After you’re done with all the fights and decide to throw in the towel, he’ll find ways to stop you. He will placate you and hold your hand while pleading you not to go. Once again, they will all be empty promises.At first, he will smother you with his presence with no room to breathe. He will try to manipulate you with keeping you engulfed in his problems and emotions pleading for your help.

He can’t accept your refusal, ever!

With the ego the size of an elephant, he does not accept ‘NO’ for an answer. He will continue on until he gets his way. If the situation doesn’t to go his way, a new argument will launch from his him and eventually you’re going to have to retreat by agreeing to what he wants. Your wants and desires are invalid.

For an example: When you want to relax at home because you are exhausted after having a long day at the office, but he has already made plans with another couple to go out for dinner and a couple drinks. This is the furthest thing from what you feel like doing so you tell him you don’t feel like going. He will not even try to look at things from your point of view. instead he demands you to accompany him without any regard for how you are feeling. You know how relentless he can be even if means yet another argument so you’ll ultimately compromise (like always) and forfeit. what you want and cave in and go with his plans.

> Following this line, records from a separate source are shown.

Lemma cexp_bound1 (h : C) (t : R) : 0 <= t <= 1 ->
  Cmod (cexp (RtoC t * h)%C - RtoC 1) <= t * (Cmod h * exp (Cmod h)).
Proof.
  intros Ht. destruct h as [x y].
  pose proof (mean_value_plane (fun u => exp (u*x) * cos (u*y)) (fun u => exp (u*x) * sin (u*y))
    (fun u => u * (Cmod (x,y) * exp (Cmod (x,y))))
    (fun u => fst ((x,y) * cexp (RtoC u * (x,y))))%C
    (fun u => snd ((x,y) * cexp (RtoC u * (x,y))))%C
    (fun u => Cmod (x,y) * exp (Cmod (x,y))) 0 t ltac:(lra)) as H.
  match type of H with ?A -> _ => assert A as HA end.
  { intros u Hu. destruct (cexp_line_der x y u) as [D1 D2]. repeat split; auto.
    - apply is_derive_Reals. auto_derive; auto. ring.
    - change (Cmod ((x,y) * cexp (RtoC u * (x,y)))%C <= Cmod (x, y) * exp (Cmod (x, y))).
      rewrite Cmod_mult, Cmod_cexp. apply Rmult_le_compat_l. apply Cmod_ge_0.
      cbn [fst]. replace (fst (RtoC u * (x,y))%C) with (u * x) by (cbn; ring).
      apply exp_ux_le; lra. }
  specialize (H HA). cbv beta in H.
  rewrite !Rmult_0_l, exp_0, cos_0, sin_0, Rminus_0_r in H.
  unfold cexp. cbn [fst snd Cmult RtoC].
  replace (t * x - 0 * y) with (t * x) by ring. replace (t * y + 0 * x) with (t * y) by ring.
  replace (Cminus (exp (t * x) * cos (t * y), exp (t * x) * sin (t * y)) (RtoC 1)) with
    (exp (t * x) * cos (t * y) - 1 * 1, exp (t * x) * sin (t * y) - 1 * 0)
    by (apply injective_projections; cbn; ring).
  exact H.
Qed.
(* Let $(\mathfrak h,[\cdot,\cdot]_{\mathfrak h},[\![\cdot,\cdot,\cdot]\!]_{\mathfrak h})$ be a Lie-Yamaguti algebra and $(\mathfrak h;\rho,\mu)$ a representation of it on $\mathfrak h$, with dual representation $(\mathfrak h^*;\rho^*,-\mu^*\tau)$. Suppose that the semidirect product Lie-Yamaguti algebra $\mathfrak h\ltimes_{\rho^*,-\mu^*\tau}\mathfrak h^*$, together with $\omega_p$, is a phase space of $\mathfrak h$. Then $x*y=\rho(x)y$ and $\{x,y,z\}=\mu(y,z)x$ ($x,y,z\in\mathfrak h$) define a pre-Lie-Yamaguti algebra structure on $\mathfrak h$.
   Context: All vector spaces are over a field of characteristic $0$ and finite-dimensional. A Lie-Yamaguti algebra is a vector space $\mathfrak g$ with a bilinear skew-symmetric $[\cdot,\cdot]$ and a trilinear $[\![\cdot,\cdot,\cdot]\!]$ skew-symmetric in its first two arguments such that for all $x,y,z,w,t$: (1) $[[x,y],z]+[[y,z],x]+[[z,x],y]+[\![x,y,z]\!]+[\![y,z,x]\!]+[\![z,x,y]\!]=0$; (2) $[\![[x,y],z,w]\!]+[\![[y,z],x,w]\!]+[\![[z,x],y,w]\!]=0$; (3) $[\![x,y,[z,w]]\!]=[[\![x,y,z]\!],w]+[z,[\![x,y,w]\!]]$; (4) $[\![x,y,[\![z,w,t]\!]]\!]=[\![[\![x,y,z]\!],w,t]\!]+[\![z,[\![x,y,w]\!],t]\!]+[\![z,w,[\![x,y,t]\!]]\!]$. A representation $(V;\rho,\mu)$ of $\mathfrak g$ is a linear $\rho:\mathfrak g\to\mathfrak{gl}(V)$ and bilinear $\mu:\otimes^2\mathfrak g\to\mathfrak{gl}(V)$ such that, with $D_{\rho,\mu}(x,y):=\mu(y,x)-\mu(x,y)+[\rho(x),\rho(y)]-\rho([x,y])$: $\mu([x,y],z)-\mu(x,z)\rho(y)+\mu(y,z)\rho(x)=0$; $\mu(x,[y,z])-\rho(y)\mu(x,z)+\rho(z)\mu(x,y)=0$; $\rho([\![x,y,z]\!])=[D_{\rho,\mu}(x,y),\rho(z)]$; $\mu(z,w)\mu(x,y)-\mu(y,w)\mu(x,z)-\mu(x,[\![y,z,w]\!])+D_{\rho,\mu}(y,z)\mu(x,w)=0$; $\mu([\![x,y,z]\!],w)+\mu(z,[\![x,y,w]\!])=[D_{\rho,\mu}(x,y),\mu(z,w)]$. The dual representation is $(V^*;\rho^*,-\mu^*\tau)$ with $\langle\rho^*(x)\alpha,v\rangle=-\langle\alpha,\rho(x)v\rangle$, $\langle\mu^*(x,y)\alpha,v\rangle=-\langle\alpha,\mu(x,y)v\rangle$, and $(-\mu^*\tau)(x,y)=-\mu^*(y,x)$. The semidirect product $\mathfrak g\ltimes_{\rho',\mu'}V$ for a representation $(V;\rho',\mu')$ is $\mathfrak g\oplus V$ with $[x+u,y+v]=[x,y]+\rho'(x)v-\rho'(y)u$ and $[\![x+u,y+v,z+w]\!]=[\![x,y,z]\!]+D_{\rho',\mu'}(x,y)w+\mu'(y,z)u-\mu'(x,z)v$. On $\mathfrak h\oplus\mathfrak h^*$, $\omega_p(x+\alpha,y+\beta)=\langle\alpha,y\rangle-\langle\beta,x\rangle$. A phase space of $\mathfrak h$ is a Lie-Yamaguti algebra structure on $\mathfrak h\oplus\mathfrak h^*$ for which $\omega_p$ is a symplectic structure (nondegenerate skew form with $\omega(x,[y,z])+\omega(y,[z,x])+\omega(z,[x,y])=0$ and $\omega(z,[\![x,y,w]\!])-\omega(x,[\![w,z,y]\!])+\omega(y,[\![w,z,x]\!])-\omega(w,[\![x,y,z]\!])=0$) and such that $\mathfrak h$ (with its original brackets) and $\mathfrak h^*$ are Lie-Yamaguti subalgebras. A pre-Lie-Yamaguti algebra is a vector space $A$ with a bilinear operation $*$ and a trilinear operation $\{\cdot,\cdot,\cdot\}$ such that, writing $[x,y]_C=x*y-y*x$, $(x,y,z)=(x*y)*z-x*(y*z)$ and $\{x,y,z\}_D=\{z,y,x\}-\{z,x,y\}+(y,x,z)-(x,y,z)$, for all $x,y,z,w,t\in A$: (P1) $\{z,[x,y]_C,w\}-\{y*z,x,w\}+\{x*z,y,w\}=0$; (P2) $\{x,y,[z,w]_C\}=z*\{x,y,w\}-w*\{x,y,z\}$; (P3) $\{\{x,y,z\},w,t\}-\{\{x,y,w\},z,t\}-\{x,y,\{z,w,t\}_D\}-\{x,y,\{z,w,t\}\}+\{x,y,\{w,z,t\}\}+\{z,w,\{x,y,t\}\}_D=0$; (P4) $\{z,\{x,y,w\}_D,t\}+\{z,\{x,y,w\},t\}-\{z,\{y,x,w\},t\}+\{z,w,\{x,y,t\}_D\}+\{z,w,\{x,y,t\}\}-\{z,w,\{y,x,t\}\}=\{x,y,\{z,w,t\}\}_D-\{\{x,y,z\}_D,w,t\}$; (P5) $\{x,y,z\}_D*w+\{x,y,z\}*w-\{y,x,z\}*w=\{x,y,z*w\}_D-z*\{x,y,w\}_D$. *)

From HB Require Import structures.
From mathcomp Require Import all_boot all_order all_algebra.
Set Implicit Arguments. Unset Strict Implicit. Unset Printing Implicit Defensive.
Import GRing.Theory.
Local Open Scope ring_scope.

Section LY.
Variable F : fieldType.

He asks you to go with the flow.



It’s always best to start things slow in a new relationship so you can get to know each other and find out how well you mesh, instead of jumping to being intimate right away. You want to take things slow but this ‘player’ will do what he does best; he’ll play with words to manipulate you to take the relationship to the next level right away. He has no desire to take things slow because he has no desire to become emotionally invested so he manipulates you to go at his pace and play games to get you emotionally invested so you can be at his disposal whenever he would like,

His life is a secret from you.

Since he has no plans whatsoever to ever settle down with you or have a long-term relationship, he does not let you inside his personal life. You wouldn’t know his future plans, or anything related to his past, friends or family. He gives you vague answers to try to pacify you. He’ll make you crazy trying to figure him out but he’ll never disclose his life to you.

He’s not letting you know his family and friends.

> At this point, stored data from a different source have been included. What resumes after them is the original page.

Lemma invS_half_le (n : nat) : (n.+1%:R : R)^-1 / 2 <= n.+2%:R^-1.
Proof. by rewrite -invfM -natrM lef_pV2 ?posrE ?ltr0n ?muln_gt0 // ler_nat ltn_Pmulr. Qed.

Lemma ler_of_le_addM (a b k : R) : 0 <= k ->
  (forall e, 0 < e -> e <= 1 -> a <= b + e * k) -> a <= b.
Proof.
move=> k0 H; apply/ler_addgt0Pr => e e0.
set t := Num.min 1 (e / (k + 1)).
have t0 : 0 < t by rewrite lt_min ltr01 divr_gt0 //; lra.
have t1 : t <= 1 by rewrite ge_min lexx.
have tk : t * (k + 1) <= e by rewrite -ler_pdivlMr ?ge_min ?lexx ?orbT //; lra.
have := H t t0 t1; nra.
Qed.

End RealFacts.

Section MetricFacts.
Variables (R : realType) (Q : Type) (d : Q -> Q -> R).

Definition d_cauchy (u : nat -> Q) : Prop :=
  forall e, 0 < e -> exists N, forall m n, (N <= m)%N -> (N <= n)%N -> d (u m) (u n) < e.

Definition d_cvg (u : nat -> Q) (l : Q) : Prop :=
  forall e, 0 < e -> exists N, forall n, (N <= n)%N -> d (u n) l < e.

Hypothesis dC : forall x y, d x y = d y x.

Lemma d_closed_cvg (S : set Q) (u : nat -> Q) (l : Q) (N0 : nat) : d_closed d S ->
  d_cvg u l -> (forall n, (N0 <= n)%N -> S (u n)) -> S l.
Proof.
move=> clS ul Su; apply: clS => e e0; have [N hN] := ul e e0.
exists (u (maxn N0 N)); split; first exact/Su/leq_maxl.
by rewrite dC; apply/hN/leq_maxr.
Qed.

End MetricFacts.

Section Hadamard.
Variables (R : realType) (Q : Type) (d : Q -> Q -> R).
Hypothesis Hh : hadamard d.

Lemma dist_eq0 x y : d x y = 0 <-> x = y.
Proof. by case: Hh => [[]]. Qed.

Lemma distxx x : d x x = 0.
Proof. exact/dist_eq0. Qed.

Lemma distC x y : d x y = d y x.
Proof. by case: Hh => [[]]. Qed.

Lemma dist_triangle x y z : d x z <= d x y + d y z.
Proof. by case: Hh => [[]]. Qed.

Lemma dist_ge0 x y : 0 <= d x y.
Proof. have := dist_triangle x y x; rewrite distxx (distC y x); lra. Qed.

Lemma dist_gt0 x y : x <> y -> 0 < d x y.
Proof. by move=> xy; rewrite lt_def dist_ge0 andbT; apply/eqP => /dist_eq0. Qed.

Lemma dist_complete u : d_cauchy d u -> exists l, d_cvg d u l.
Proof. by case: Hh => _ + _; apply. Qed.

(* The CN inequality of Bruhat and Tits; in a Hadamard space it singles out
   the point at fraction [t] along the geodesic from [q] to [p]. *)
Definition interpolant (q p : Q) (t : R) (z : Q) : Prop :=
  forall x, d x z ^+ 2 <= (1 - t) * d x q ^+ 2 + t * d x p ^+ 2 - t * (1 - t) * d q p ^+ 2.

Lemma interpolant0 q p : interpolant q p 0 q.
Proof. move=> x; lra. Qed.

Lemma interpolant1 q p : interpolant q p 1 p.
Proof. move=> x; lra. Qed.

Lemma interpolant_dist q p t z : 0 <= t <= 1 -> interpolant q p t z ->
  d q z = t * d q p /\ d z p = (1 - t) * d q p.
Proof.
move=> /andP[t0 t1] H.
have := H q; have := H p; rewrite !distxx (distC p q) (distC p z) => hp hq.
have hD := dist_ge0 q p.
have a1 : d q z <= t * d q p.
  by rewrite -(ler_pXn2r (n := 2)) ?nnegrE ?dist_ge0 ?mulr_ge0 //; nra.
have a2 : d z p <= (1 - t) * d q p.
  by rewrite -(ler_pXn2r (n := 2)) ?nnegrE ?dist_ge0 ?mulr_ge0 ?subr_ge0 //; nra.
have := dist_triangle q z p; split; lra.
Qed.

Lemma interpolant_uniq q p t w z : 0 <= t <= 1 -> interpolant q p t z ->
  d q w = t * d q p -> d w p = (1 - t) * d q p -> w = z.
Proof.
move=> ht H h1 h2; apply/dist_eq0.
have := H w; rewrite (distC w q) h1 h2 => h.
have : d w z ^+ 2 == 0 by rewrite eq_le sqr_ge0 andbT; nra.
by rewrite sqrf_eq0 => /eqP.
Qed.

Lemma interpolant_dist_le q p a b za zb : 0 <= a <= 1 -> 0 <= b <= 1 ->
  interpolant q p a za -> interpolant q p b zb -> d za zb <= `|a - b| * d q p.
Proof.
move=> ha hb Ha Hb; have [e1 e2] := interpolant_dist ha Ha.
have := Hb za; rewrite (distC za q) e1 e2 => h.
rewrite -(ler_pXn2r (n := 2)) ?nnegrE ?dist_ge0 ?mulr_ge0 ?dist_ge0 //.
rewrite exprMn real_normK ?num_real //; nra.
Qed.

Lemma interpolant_dist_ge q p a b za zb : 0 <= a <= 1 -> 0 <= b <= 1 ->
  interpolant q p a za -> interpolant q p b zb -> `|a - b| * d q p <= d za zb.
Proof.
move=> ha hb Ha Hb.
have [e1 e2] := interpolant_dist ha Ha; have [e3 e4] := interpolant_dist hb Hb.
have := dist_triangle q za zb; have := dist_triangle q zb za.
rewrite (distC zb za); have := dist_ge0 q p.
by case: (lerP a b) => hab; nra.
Qed.

Lemma interpolant_midpoint q p l r a b : 0 <= l -> l <= r -> r <= 1 ->
  interpolant q p l a -> interpolant q p r b -> exists m, interpolant q p ((l + r) / 2) m.
Proof.
move=> l0 lr r1 Ha Hb.
have hl : 0 <= l <= 1 by apply/andP; split; lra.
have hr : 0 <= r <= 1 by apply/andP; split; lra.
have hab := interpolant_dist_ge hl hr Ha Hb.
rewrite ler0_norm ?subr_le0 // opprB in hab.
have sq : (r - l) ^+ 2 * d q p ^+ 2 <= d a b ^+ 2.
  by rewrite -exprMn lerXn2r ?nnegrE ?mulr_ge0 ?dist_ge0 ?subr_ge0.
have [m Hm] : exists m, forall x,
    d x m ^+ 2 <= 2^-1 * d a x ^+ 2 + 2^-1 * d b x ^+ 2 - 4^-1 * d a b ^+ 2.
  by case: Hh.
exists m => x; have := Ha x; have := Hb x; have := Hm x.
rewrite (distC a x) (distC b x) (_ : 2^-1 = 1/2) ?div1r // (_ : 4^-1 = 1/4) ?div1r //.
rewrite mulrDl; nra.
Qed.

One of the prime factors that reflects your partner’s eagerness in a long-term relationship is meeting the most important people in their life. If your man keeps you from his family and friends, he surely has no intention of making this relationship a long term one, Ditch him before you find yourself prey to his dirty games.

He’s only interested in sleeping with you.

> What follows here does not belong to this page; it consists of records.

(* Consider a repeated single-slot hybrid auction over time steps $t=0,1,2,\dots$. At each step each advertiser $j$ bids $(m_{jt},c_{jt})$ (per-impression and per-click), the auctioneer computes an index $q_{jt}=f(\mathcal{Q}_{jt})$, where $\mathcal{Q}_{jt}$ is the auctioneer's current (Bayes-updated) prior on advertiser $j$'s click-through rate and $f$ is an arbitrary fixed function, the effective bid is $R_{jt}=\max(m_{jt},c_{jt}q_{jt})$, the highest effective bid wins, and with $R_{-j}$ the highest competing effective bid, the winner pays $R_{-j}$ per impression if $m_{jt}>c_{jt}q_{jt}$ and $R_{-j}/q_{jt}$ per click otherwise. Advertiser $j$ has per-click value $v_j$ and its own Bayes-updated prior $\mathcal{P}_{jt}$ on its click-through rate with mean $p_{jt}$; both priors are updated after every impression advertiser $j$ receives, based on whether a click occurred. An advertiser is semi-myopic with discount factor $\gamma_b\in[0,1)$ if: its bid at each step depends on its current state $\langle v_j,\mathcal{P}_{jt},\mathcal{Q}_{jt}\rangle$ and on $R_{-j}$, which is revealed at each step; if advertiser $j$ received the impression at the previous step, $R_{-j}$ stays the same, and otherwise it changes adversarially; and the advertiser maximizes its expected discounted (by $\gamma_b$) gain (value $v_j$ per click minus payments, expectations taken with respect to its own prior) over the contiguous sequence of steps in which it keeps receiving the impression. Define the bidding index as follows. For priors $\mathcal{P},\mathcal{Q}$ and a parameter $W$, consider the game with discount factor $\gamma_b$ in which at each step $t\ge 0$, with current priors $\mathcal{P}_t$ (mean $p_t$) and $\mathcal{Q}_t$ (index $q_t=f(\mathcal{Q}_t)$), the advertiser may stop or continue; if it continues it gains $vp_t-W\min(1,p_t/q_t)$ in expectation, an impression is shown and both priors are updated with the observed click outcome. Let $\mathcal{W}(v,\mathcal{P},\mathcal{Q})$ be the largest $W$ for which the optimal expected discounted value of this game, starting from $\mathcal{P}_0=\mathcal{P},\mathcal{Q}_0=\mathcal{Q}$, is positive, and let $\mathcal{B}(v,\mathcal{P},\mathcal{Q})=\mathcal{W}(v,\mathcal{P},\mathcal{Q})\min(1,p_0/q_0)$. The bidding index strategy for advertiser $j$ is to bid, at each step $t$, $(B_{jt},B_{jt}/p_{jt})$ where $B_{jt}=\mathcal{B}(v_j,\mathcal{P}_{jt},\mathcal{Q}_{jt})$. Then the bidding index strategy is (weakly) dominant in the class of semi-myopic strategies.
   Context: Expectations in the game defining the bidding index are with respect to the advertiser's own prior $\mathcal{P}_t$ (the advertiser trusts its own prior but not the auctioneer's). The click outcome in each step of that game is distributed according to the advertiser's prior, and both priors are Bayes-updated with it. *)

From mathcomp Require Import all_boot all_order all_algebra.
From mathcomp Require Import all_classical all_reals all_analysis.
Import Order.TTheory GRing.Theory Num.Theory.
Import numFieldNormedType.Exports.

Set Implicit Arguments.
Unset Strict Implicit.
Unset Printing Implicit Defensive.

Local Open Scope classical_set_scope.
Local Open Scope ring_scope.

(* Priors.  A prior on a click-through rate is a probability measure on R   *)
(* concentrated on [0,1].  Bayes updating is represented through histories: *)
(* the posterior of an initial prior P after the sequence h of observed     *)
(* click outcomes (true = click) has density (proportional to) lik h        *)
(* with respect to P.                                                       *)

Section Defs.
Context {R : realType}.

Definition lik (h : seq bool) (x : R) : R :=
  \prod_(b <- h) (if b then x else 1 - x).

Definition mass (P : probability R R) (h : seq bool) : R :=
  fine (\int[P]_x (lik h x)%:E).

Definition posterior (P : probability R R) (h : seq bool) : set R -> \bar R :=
  fun A => ((\int[P]_(x in A) (lik h x)%:E) * ((mass P h)^-1)%:E)%E.

Definition post_mean (P : probability R R) (h : seq bool) : R :=
  mass P (true :: h) / mass P h.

He keeps himself emotionally detached and always playing the guessing games but yet he takes every opportunity he can get to have sex with you. There is no trying to seduce you or being romantic to make you feel like he wants you. He just wants to do the deed and get his kicks off as fast as he can.

The fragile ego.

Oh my God! These ‘playboys’ have the most fragile ego and should you try and correct him or try to show him how something should be done, he takes it as an insult even though you meant well. They get hurt so easily. One minute they’re acting all macho and the moment things don’t go their way or get what they want, they become infuriated and lose their temper.



Acknowledge your worth and don’t let these playboys ever make you feel inferior and emotionally hurt you. When you start to see the red flags, turn and run because you deserve so much better. You deserve a man wants all of you and treats you like his queen.